**ABOUT THIS EXERCISE**
From the records below, transcribe only the lines running from the one with "case: (eqVneq a" through the one with "Lemma Fd_Inc_cxP D". Keep both of those end lines.

**Entries taken from a collection**
(* Let $\Delta$ be a simplicial complex on a finite vertex set $[m]$. If $\Delta$ is shifted (respectively, compressed), then so is $\mathrm{Inc}(\Delta)$.
   Context: $\mathbb{N}=\{1,2,3,\dots\}$, $[m]=\{1,\dots,m\}$. A simplicial complex on $[m]$ is a collection of subsets of $[m]$ closed under taking subsets. For $d\ge1$, $F_d(\Delta)$ is the set of faces of $\Delta$ with exactly $d$ elements, viewed in $\binom{\mathbb{N}}{d}$ (the $d$-subsets of $\mathbb{N}$, written $\mathbf{u}=(u_1,\dots,u_d)$ with $u_1<\cdots<u_d$). Squashed order: $\mathbf{u}<\mathbf{v}$ iff the largest element of the symmetric difference of $\mathbf u,\mathbf v$ lies in $\mathbf{v}$; a finite family in $\binom{\mathbb{N}}{d}$ is compressed if it consists of the smallest elements of $\binom{\mathbb{N}}{d}$ in this order. Borel order: $\mathbf{v}\le_B\mathbf{u}$ iff $v_i\le u_i$ for all $i$; a family is shifted if it contains every $\mathbf{v}\le_B\mathbf{u}$ for each of its members $\mathbf{u}$. $\Delta$ is shifted (resp. compressed) if $F_d(\Delta)$ is shifted (resp. compressed) for every $d\ge1$. $\mathrm{Inc}_1$ is the set of maps $\pi\colon\mathbb{N}\to\mathbb{N}$ with $\pi(j)<\pi(j+1)$ and $\pi(j)\le j+1$ for all $j$, acting by $\pi(\mathbf{u})=(\pi(u_1),\ldots,\pi(u_d))$; for $\mathcal{F}\subseteq\binom{\mathbb{N}}{d}$, $\mathrm{Inc}(\mathcal{F})=\{\pi(\mathbf{u})\mid\mathbf{u}\in\mathcal{F},\pi\in\mathrm{Inc}_1\}$, and $\mathrm{Inc}(\Delta)=\bigcup_{d\ge1}\mathrm{Inc}(F_d(\Delta))$ (together with the empty face), which is again a simplicial complex. *)

(* Finite subsets of N = {1,2,...} are represented by their
   strictly increasing enumeration (a seq nat), i.e. u = (u_1 < ... < u_d). *)
From mathcomp Require Import all_boot.
Set Implicit Arguments. Unset Strict Implicit. Unset Printing Implicit Defensive.

Definition dsub (d : nat) (u : seq nat) : Prop :=
  [/\ size u = d, sorted ltn u & all (fun x => 0 < x) u].

Definition sfamily := seq nat -> Prop.

Definition simplicial_complex_on (m : nat) (D : sfamily) : Prop :=
  (forall u, D u -> sorted ltn u /\ all (fun x => (0 < x) && (x <= m)) u) /\
  (forall u v, D u -> subseq v u -> D v).

Definition Fd (D : sfamily) (d : nat) : sfamily := fun u => D u /\ size u = d.

Definition squashed_lt (u v : seq nat) : Prop :=
  exists x, [/\ x \in v, x \notin u & forall y, x < y -> (y \in u) = (y \in v)].

Definition borel_le (v u : seq nat) : Prop :=
  size v = size u /\ forall i, i < size u -> nth 0 v i <= nth 0 u i.

Definition finite_family (F : sfamily) : Prop :=
  exists N, forall u, F u -> all (fun x => x <= N) u.

Definition compressed_fam (d : nat) (F : sfamily) : Prop :=
  finite_family F /\
  forall u v, F u -> dsub d v -> squashed_lt v u -> F v.

Definition shifted_fam (d : nat) (F : sfamily) : Prop :=
  forall u v, F u -> dsub d v -> borel_le v u -> F v.

Definition shifted_cx (D : sfamily) : Prop :=
  forall d, 1 <= d -> shifted_fam d (Fd D d).

Definition compressed_cx (D : sfamily) : Prop :=
  forall d, 1 <= d -> compressed_fam d (Fd D d).

(* Inc_1 : maps N -> N (values at 0 irrelevant), pi(j) < pi(j+1), pi(j) <= j+1 *)
Definition Inc1 (pi : nat -> nat) : Prop :=
  0 < pi 1 /\ forall j, 1 <= j -> pi j < pi j.+1 /\ pi j <= j.+1.

Definition Inc_fam (F : sfamily) : sfamily :=
  fun w => exists u pi, [/\ F u, Inc1 pi & w = map pi u].

Definition Inc_cx (D : sfamily) : sfamily :=
  fun w => w = [::] \/ exists d, 1 <= d /\ Inc_fam (Fd D d) w.

From mathcomp Require Import all_boot zify.
Set Implicit Arguments. Unset Strict Implicit. Unset Printing Implicit Defensive.

(* Every d-subset v of N is pi(lower v) for some pi in Inc_1: lower v lowers
   each entry v_i to max(i+1, v_i - 1), and pi is the identity up to c and
   the shift j |-> j+1 above c, where c+1 is the least positive integer not
   in v.  Lowering is compatible with both orders: if v lies below a face
   pi(u) of Inc(Delta) in the Borel (resp. squashed) order, then lower v lies
   below u in the same order (or equals it), so lower v is a face of Delta
   by shiftedness (resp. compressedness), and hence v is a face of Inc(Delta). *)

Lemma sorted_ltn_nth_addn (s : seq nat) i j : sorted ltn s -> i <= j -> j < size s ->
  nth 0 s i + (j - i) <= nth 0 s j.
Proof.
move=> /(sortedP 0) s_lt le_ij; elim: j le_ij => [|j IHj] le_ij lt_js.
  by rewrite (_ : i = 0) ?subnn ?addn0 //; lia.
case: (ltnP i j.+1) => [lt_ij|le_ji]; last by rewrite (_ : i = j.+1) ?subnn ?addn0 //; lia.
have := IHj lt_ij (ltnW lt_js); have := s_lt j lt_js; lia.
Qed.

Lemma sorted_pos_nth_gt (s : seq nat) i : sorted ltn s -> all (fun x => 0 < x) s ->
  i < size s -> i < nth 0 s i.
Proof.
move=> s_lt s_pos lt_is; have := sorted_ltn_nth_addn s_lt (leq0n i) lt_is.
have : 0 < nth 0 s 0 by apply: (all_nthP 0 s_pos); lia.
lia.
Qed.

Lemma Inc1_bounds pi t : Inc1 pi -> 0 < t -> t <= pi t <= t.+1.
Proof.
case=> pi1_gt0 pi_step; elim: t => [|t IHt] // _.
case: t IHt => [|t] IHt; first by have := pi_step 1 (leqnn 1); lia.
have := IHt (ltn0Sn t); have := pi_step t.+1 (ltn0Sn t).
have := pi_step t.+2 (ltn0Sn t.+1); lia.
Qed.

Lemma Inc1_lt pi a b : Inc1 pi -> 0 < a -> a < b -> pi a < pi b.
Proof.
move=> [_ pi_step] a_gt0; elim: b => [|b IHb] // lt_ab.
have [lt_pib _] := pi_step b (leq_trans a_gt0 (ltnSE lt_ab)).
case: (ltnP a b) => [/IHb|le_ba]; first lia.
by have -> : a = b by lia.
Qed.

Lemma sorted_map_Inc1 pi (u : seq nat) : Inc1 pi -> sorted ltn u ->
  all (fun x => 0 < x) u -> sorted ltn (map pi u).
Proof.
move=> pi_Inc u_lt u_pos; rewrite sorted_map.
by apply: (sub_in_sorted _ u_pos u_lt) => x y x_gt0 _; apply: Inc1_lt.
Qed.

Definition skip c j := if j <= c then j else j.+1.

Lemma Inc1_skip c : Inc1 (skip c).
Proof. by split=> [|j _]; rewrite /skip; repeat case: ifP; lia. Qed.

Definition lower (v : seq nat) := mkseq (fun i => maxn i.+1 (nth 0 v i).-1) (size v).

Lemma size_lower v : size (lower v) = size v.
Proof. exact: size_mkseq. Qed.

Lemma nth_lower v i : i < size v -> nth 0 (lower v) i = maxn i.+1 (nth 0 v i).-1.
Proof. exact: nth_mkseq. Qed.

Lemma sorted_lower v : sorted ltn v -> sorted ltn (lower v).
Proof.
move=> v_lt; apply/(sortedP 0) => i; rewrite size_lower => lt_i1.
rewrite !nth_lower //; last lia.
have := (sortedP 0 v_lt) i lt_i1; lia.
Qed.

Lemma dsub_lower d v : dsub d v -> dsub d (lower v).
Proof.
case=> sz_v /sorted_lower lower_lt _; split; rewrite ?size_lower //.
by apply/(all_nthP 0) => i; rewrite size_lower => lt_i; rewrite nth_lower //; lia.
Qed.

Lemma map_skip_lower (v : seq nat) : sorted ltn v -> all (fun x => 0 < x) v ->
  exists c, map (skip c) (lower v) = v.
Proof.
move=> v_lt v_pos.
pose c := find (fun i => nth 0 v i != i.+1) (iota 0 (size v)).
have le_c : c <= size v by rewrite -[leqRHS](size_iota 0) find_size.
have run i : i < c -> nth 0 v i = i.+1.
  move=> lt_ic; have := before_find 0 lt_ic.
  by rewrite nth_iota ?add0n; [move/negbFE/eqP | lia].
have gap i : c <= i -> i < size v -> i.+2 <= nth 0 v i.
  move=> le_ci lt_i; have lt_c : c < size v by lia.
  have has_gap : has (fun i => nth 0 v i != i.+1) (iota 0 (size v)).
    by rewrite has_find size_iota.
  have := nth_find 0 has_gap; rewrite -/c nth_iota // add0n => /eqP ne_c.
  have := sorted_pos_nth_gt v_lt v_pos lt_c.
  have := sorted_ltn_nth_addn v_lt le_ci lt_i; lia.
exists c; apply: (eq_from_nth (x0 := 0)); first by rewrite size_map size_lower.
move=> i; rewrite size_map size_lower => lt_i.
rewrite (nth_map 0) ?size_lower // nth_lower // /skip.
case: (ltnP i c) => [lt_ic|le_ci]; [have := run _ lt_ic | have := gap _ le_ci lt_i];
  by case: ifP => ? ?; lia.
Qed.

Lemma last_diff_nth (a b : seq nat) : size a = size b -> a <> b ->
  exists j, [/\ j < size b, nth 0 a j != nth 0 b j &
    forall l, j < l < size b -> nth 0 a l = nth 0 b l].
Proof.
move=> sz_ab neq_ab; pose P j := (j < size b) && (nth 0 a j != nth 0 b j).
have ex_P : exists j, P j.
  have /hasP[j] : has (fun j => nth 0 a j != nth 0 b j) (iota 0 (size b)).
    apply/negPn/negP => /hasPn eq_ab; apply: neq_ab.
    apply: (eq_from_nth (x0 := 0)) => // i lt_i.
    by apply/eqP/negbNE/eq_ab; rewrite mem_iota add0n -sz_ab lt_i.
  by rewrite mem_iota add0n => /andP[_ lt_j] ne_j; exists j; apply/andP.
have bnd_P j : P j -> j <= size b by case/andP => /ltnW.
case: (ex_maxnP ex_P bnd_P) => j /andP[lt_j ne_j] max_j.
exists j; split=> // l /andP[lt_jl lt_l]; apply/eqP; apply: contraTT lt_jl => ne_l.
by rewrite -leqNgt max_j //; apply/andP.
Qed.

Lemma squashed_lt_nth (a b : seq nat) j : sorted ltn a -> sorted ltn b ->
  size a = size b -> j < size b -> nth 0 a j < nth 0 b j ->
  (forall l, j < l < size b -> nth 0 a l = nth 0 b l) -> squashed_lt a b.
Proof.
move=> a_lt b_lt sz_ab lt_j lt_abj eq_above.
have above (s : seq nat) y : sorted ltn s -> size s = size b -> nth 0 s j < y ->
    y \in s -> exists2 k, j < k < size b & nth 0 s k = y.
  move=> s_lt sz_s lt_y /(nthP 0)[k lt_k eq_y]; exists k => //.
  have {}eq_y : nth 0 s k = y := eq_y; rewrite -eq_y in lt_y.
  rewrite -sz_s lt_k andbT ltnNge; apply/negP => le_kj.
  have := sorted_ltn_nth_addn s_lt le_kj (leq_trans lt_j (eq_leq (esym sz_s))); lia.
exists (nth 0 b j); split; first exact: mem_nth.
  apply/negP => /(above a _ a_lt sz_ab lt_abj)[k /andP[lt_jk lt_k]].
  rewrite eq_above ?lt_jk //; have := sorted_ltn_nth_addn b_lt (ltnW lt_jk) lt_k; lia.
move=> y lt_y; apply/idP/idP.
- case/(above a _ a_lt sz_ab (ltn_trans lt_abj lt_y)) => k range_k <-.
  by rewrite eq_above // mem_nth //; case/andP: range_k.
- case/(above b _ b_lt erefl lt_y) => k range_k <-.
  by rewrite -eq_above // mem_nth // sz_ab; case/andP: range_k.
Qed.

Lemma squashed_lt_asym (a b : seq nat) : squashed_lt a b -> ~ squashed_lt b a.
Proof.
move=> [x [xb xa x_top]] [y [ya yb y_top]].
case: (ltngtP x y) => [lt_xy|lt_yx|eq_xy].
- by move: (x_top y lt_xy); rewrite ya (negbTE yb).
- by move: (y_top x lt_yx); rewrite xb (negbTE xa).
- by move: xb; rewrite eq_xy (negbTE yb).
Qed.

Lemma squashed_lt_last_diff (a b : seq nat) : sorted ltn a -> sorted ltn b ->
  size a = size b -> squashed_lt a b ->
  exists j, [/\ j < size b, nth 0 a j < nth 0 b j &
    forall l, j < l < size b -> nth 0 a l = nth 0 b l].
Proof.
move=> a_lt b_lt sz_ab lt_ab.
have neq_ab : a <> b by case: lt_ab => x [xb xa _] eq_ab; move: xa; rewrite eq_ab xb.
have [j [lt_j ne_j eq_above]] := last_diff_nth sz_ab neq_ab.
exists j; split=> //; rewrite ltn_neqAle ne_j leqNgt /=; apply/negP => lt_baj.
apply: (squashed_lt_asym lt_ab).
apply: (squashed_lt_nth b_lt a_lt (esym sz_ab) (j := j)); rewrite ?sz_ab //.
by move=> l /eq_above ->.
Qed.

(* If [nth 0 a j <= j.+1], sortedness pushes [a] below the positive [b] also at
   every index under [j]. *)
Lemma suffix_le_squashed (a b : seq nat) j : sorted ltn a -> sorted ltn b ->
  all (fun x => 0 < x) b -> size a = size b -> j < size b ->
  (forall l, j <= l < size b -> nth 0 a l <= nth 0 b l) ->
  nth 0 a j < nth 0 b j \/ nth 0 a j <= j.+1 ->
  a = b \/ squashed_lt a b.
Proof.
move=> a_lt b_lt b_pos sz_ab lt_j le_above a_j.
case: (eqVneq a b) => [->|/eqP neq_ab]; [by left | right].
have [k [lt_k ne_k eq_above]] := last_diff_nth sz_ab neq_ab.
apply: (squashed_lt_nth a_lt b_lt sz_ab lt_k _ eq_above).
rewrite ltn_neqAle ne_k /=.
case: (leqP j k) => [le_jk|lt_kj]; first by apply: le_above; rewrite le_jk.
have := eq_above j; rewrite lt_kj lt_j => /(_ isT) eq_j.
have := sorted_ltn_nth_addn a_lt (ltnW lt_kj) (leq_trans lt_j (eq_leq (esym sz_ab))).
have := sorted_pos_nth_gt b_lt b_pos lt_k; lia.
Qed.

Section LowerBelowInc.

Variables (pi : nat -> nat) (u v : seq nat).
Hypotheses (pi_Inc : Inc1 pi) (u_lt : sorted ltn u) (u_pos : all (fun x => 0 < x) u).

Let u_bounds i : i < size u ->
  i < nth 0 u i /\ nth 0 u i <= pi (nth 0 u i) <= (nth 0 u i).+1.
Proof.
move=> lt_i; split; first exact: sorted_pos_nth_gt.
by apply: Inc1_bounds => //; apply: (all_nthP 0 u_pos).
Qed.

Lemma borel_le_lower : borel_le v (map pi u) -> borel_le (lower v) u.
Proof.
move=> [sz_v le_v]; rewrite size_map in sz_v le_v.
split=> [|i lt_i]; first by rewrite size_lower.
rewrite nth_lower ?sz_v //; have := le_v i lt_i; rewrite (nth_map 0) //.
have := u_bounds lt_i; lia.
Qed.

Lemma lower_squashed : sorted ltn v -> size v = size u ->
  squashed_lt v (map pi u) -> lower v = u \/ squashed_lt (lower v) u.
Proof.
move=> v_lt sz_v lt_vw.
have w_lt := sorted_map_Inc1 pi_Inc u_lt u_pos.
have sz_vw : size v = size (map pi u) by rewrite size_map.
have [j [lt_j lt_vwj eq_above]] := squashed_lt_last_diff v_lt w_lt sz_vw lt_vw.
rewrite size_map in lt_j eq_above; rewrite (nth_map 0) // in lt_vwj.
apply: (suffix_le_squashed (sorted_lower v_lt) u_lt u_pos (j := j)); rewrite ?size_lower //.
- move=> l /andP[le_jl lt_l]; rewrite nth_lower ?sz_v //.
  have := u_bounds lt_l; case: (ltngtP j l) le_jl => // [lt_jl|<-] _.
    by rewrite eq_above ?lt_jl // (nth_map 0) //; lia.
  have := u_bounds lt_j; lia.
- by rewrite nth_lower ?sz_v //; have := u_bounds lt_j; lia.
Qed.

End LowerBelowInc.

Lemma Fd_Inc_cxP D d w : 0 < d -> Fd (Inc_cx D) d w ->
  exists u pi, [/\ Fd D d u, Inc1 pi & w = map pi u].
Proof.
move=> d_gt0 [[->|[d' [_ [u [pi [Du pi_Inc ->]]]]]] sz_w]; first by move: sz_w => /= ?; lia.
by exists u, pi; split=> //; split; [case: Du | rewrite -sz_w size_map].
Qed.

Lemma Fd_Inc_cx_lower D d v : 0 < d -> dsub d v -> Fd D d (lower v) ->
  Fd (Inc_cx D) d v.
Proof.
move=> d_gt0 [sz_v v_lt v_pos] Dv; have [c <-] := map_skip_lower v_lt v_pos.
split; last by rewrite size_map size_lower.
by right; exists d; split=> //; exists (lower v), (skip c); split=> //; apply: Inc1_skip.
Qed.

Section IncOfComplex.

Variable D : sfamily.
Hypothesis D_sorted : forall u, D u -> sorted ltn u /\ all (fun x => 0 < x) u.

Lemma shifted_Inc_cx : shifted_cx D -> shifted_cx (Inc_cx D).
Proof.
move=> D_sh d d_gt0 w v /(Fd_Inc_cxP d_gt0)[u [pi [Du pi_Inc ->]]] v_dsub le_vw.
have [u_lt u_pos] := D_sorted Du.1.
have le_lower : borel_le (lower v) u := borel_le_lower pi_Inc u_lt u_pos le_vw.
apply: Fd_Inc_cx_lower => //; exact: D_sh d d_gt0 u _ Du (dsub_lower v_dsub) le_lower.
Qed.

Lemma compressed_Inc_cx : compressed_cx D -> compressed_cx (Inc_cx D).
Proof.
move=> D_cmp d d_gt0; have [[N bnd_N] D_sq] := D_cmp d d_gt0; split.
  exists N.+1 => w /(Fd_Inc_cxP d_gt0)[u [pi [Du pi_Inc ->]]].
  have [_ u_pos] := D_sorted Du.1.
  apply/allP => _ /mapP[x xu ->].
  have := allP (bnd_N u Du) x xu; have := Inc1_bounds pi_Inc (allP u_pos x xu); lia.
move=> w v /(Fd_Inc_cxP d_gt0)[u [pi [Du pi_Inc ->]]] v_dsub lt_vw.
have [u_lt u_pos] := D_sorted Du.1.
have [sz_v v_lt _] := v_dsub.
apply: Fd_Inc_cx_lower => //.
have [->|lt_lower] :=
  lower_squashed pi_Inc u_lt u_pos v_lt (etrans sz_v (esym Du.2)) lt_vw; first exact: Du.
exact: D_sq u _ Du (dsub_lower v_dsub) lt_lower.
Qed.

End IncOfComplex.

Theorem corollary4p1 (m : nat) (D : sfamily) :
  simplicial_complex_on m D ->
  (shifted_cx D -> shifted_cx (Inc_cx D)) /\
  (compressed_cx D -> compressed_cx (Inc_cx D)).
Proof.
move=> [D_faces _].
have D_sorted u : D u -> sorted ltn u /\ all (fun x => 0 < x) u.
  by case/D_faces => u_lt /allP u_bnd; split=> //; apply/allP => x /u_bnd /andP[].
by split; [exact: shifted_Inc_cx | exact: compressed_Inc_cx].
Qed.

**SOLUTION FOR THIS EXERCISE**
case: (eqVneq a b) => [->|/eqP neq_ab]; [by left | right].
have [k [lt_k ne_k eq_above]] := last_diff_nth sz_ab neq_ab.
apply: (squashed_lt_nth a_lt b_lt sz_ab lt_k _ eq_above).
rewrite ltn_neqAle ne_k /=.
case: (leqP j k) => [le_jk|lt_kj]; first by apply: le_above; rewrite le_jk.
have := eq_above j; rewrite lt_kj lt_j => /(_ isT) eq_j.
have := sorted_ltn_nth_addn a_lt (ltnW lt_kj) (leq_trans lt_j (eq_leq (esym sz_ab))).
have := sorted_pos_nth_gt b_lt b_pos lt_k; lia.
Qed.

Section LowerBelowInc.

Variables (pi : nat -> nat) (u v : seq nat).
Hypotheses (pi_Inc : Inc1 pi) (u_lt : sorted ltn u) (u_pos : all (fun x => 0 < x) u).

Let u_bounds i : i < size u ->
  i < nth 0 u i /\ nth 0 u i <= pi (nth 0 u i) <= (nth 0 u i).+1.
Proof.
move=> lt_i; split; first exact: sorted_pos_nth_gt.
by apply: Inc1_bounds => //; apply: (all_nthP 0 u_pos).
Qed.

Lemma borel_le_lower : borel_le v (map pi u) -> borel_le (lower v) u.
Proof.
move=> [sz_v le_v]; rewrite size_map in sz_v le_v.
split=> [|i lt_i]; first by rewrite size_lower.
rewrite nth_lower ?sz_v //; have := le_v i lt_i; rewrite (nth_map 0) //.
have := u_bounds lt_i; lia.
Qed.

Lemma lower_squashed : sorted ltn v -> size v = size u ->
  squashed_lt v (map pi u) -> lower v = u \/ squashed_lt (lower v) u.
Proof.
move=> v_lt sz_v lt_vw.
have w_lt := sorted_map_Inc1 pi_Inc u_lt u_pos.
have sz_vw : size v = size (map pi u) by rewrite size_map.
have [j [lt_j lt_vwj eq_above]] := squashed_lt_last_diff v_lt w_lt sz_vw lt_vw.
rewrite size_map in lt_j eq_above; rewrite (nth_map 0) // in lt_vwj.
apply: (suffix_le_squashed (sorted_lower v_lt) u_lt u_pos (j := j)); rewrite ?size_lower //.
- move=> l /andP[le_jl lt_l]; rewrite nth_lower ?sz_v //.
  have := u_bounds lt_l; case: (ltngtP j l) le_jl => // [lt_jl|<-] _.
    by rewrite eq_above ?lt_jl // (nth_map 0) //; lia.
  have := u_bounds lt_j; lia.
- by rewrite nth_lower ?sz_v //; have := u_bounds lt_j; lia.
Qed.

End LowerBelowInc.

Lemma Fd_Inc_cxP D d w : 0 < d -> Fd (Inc_cx D) d w ->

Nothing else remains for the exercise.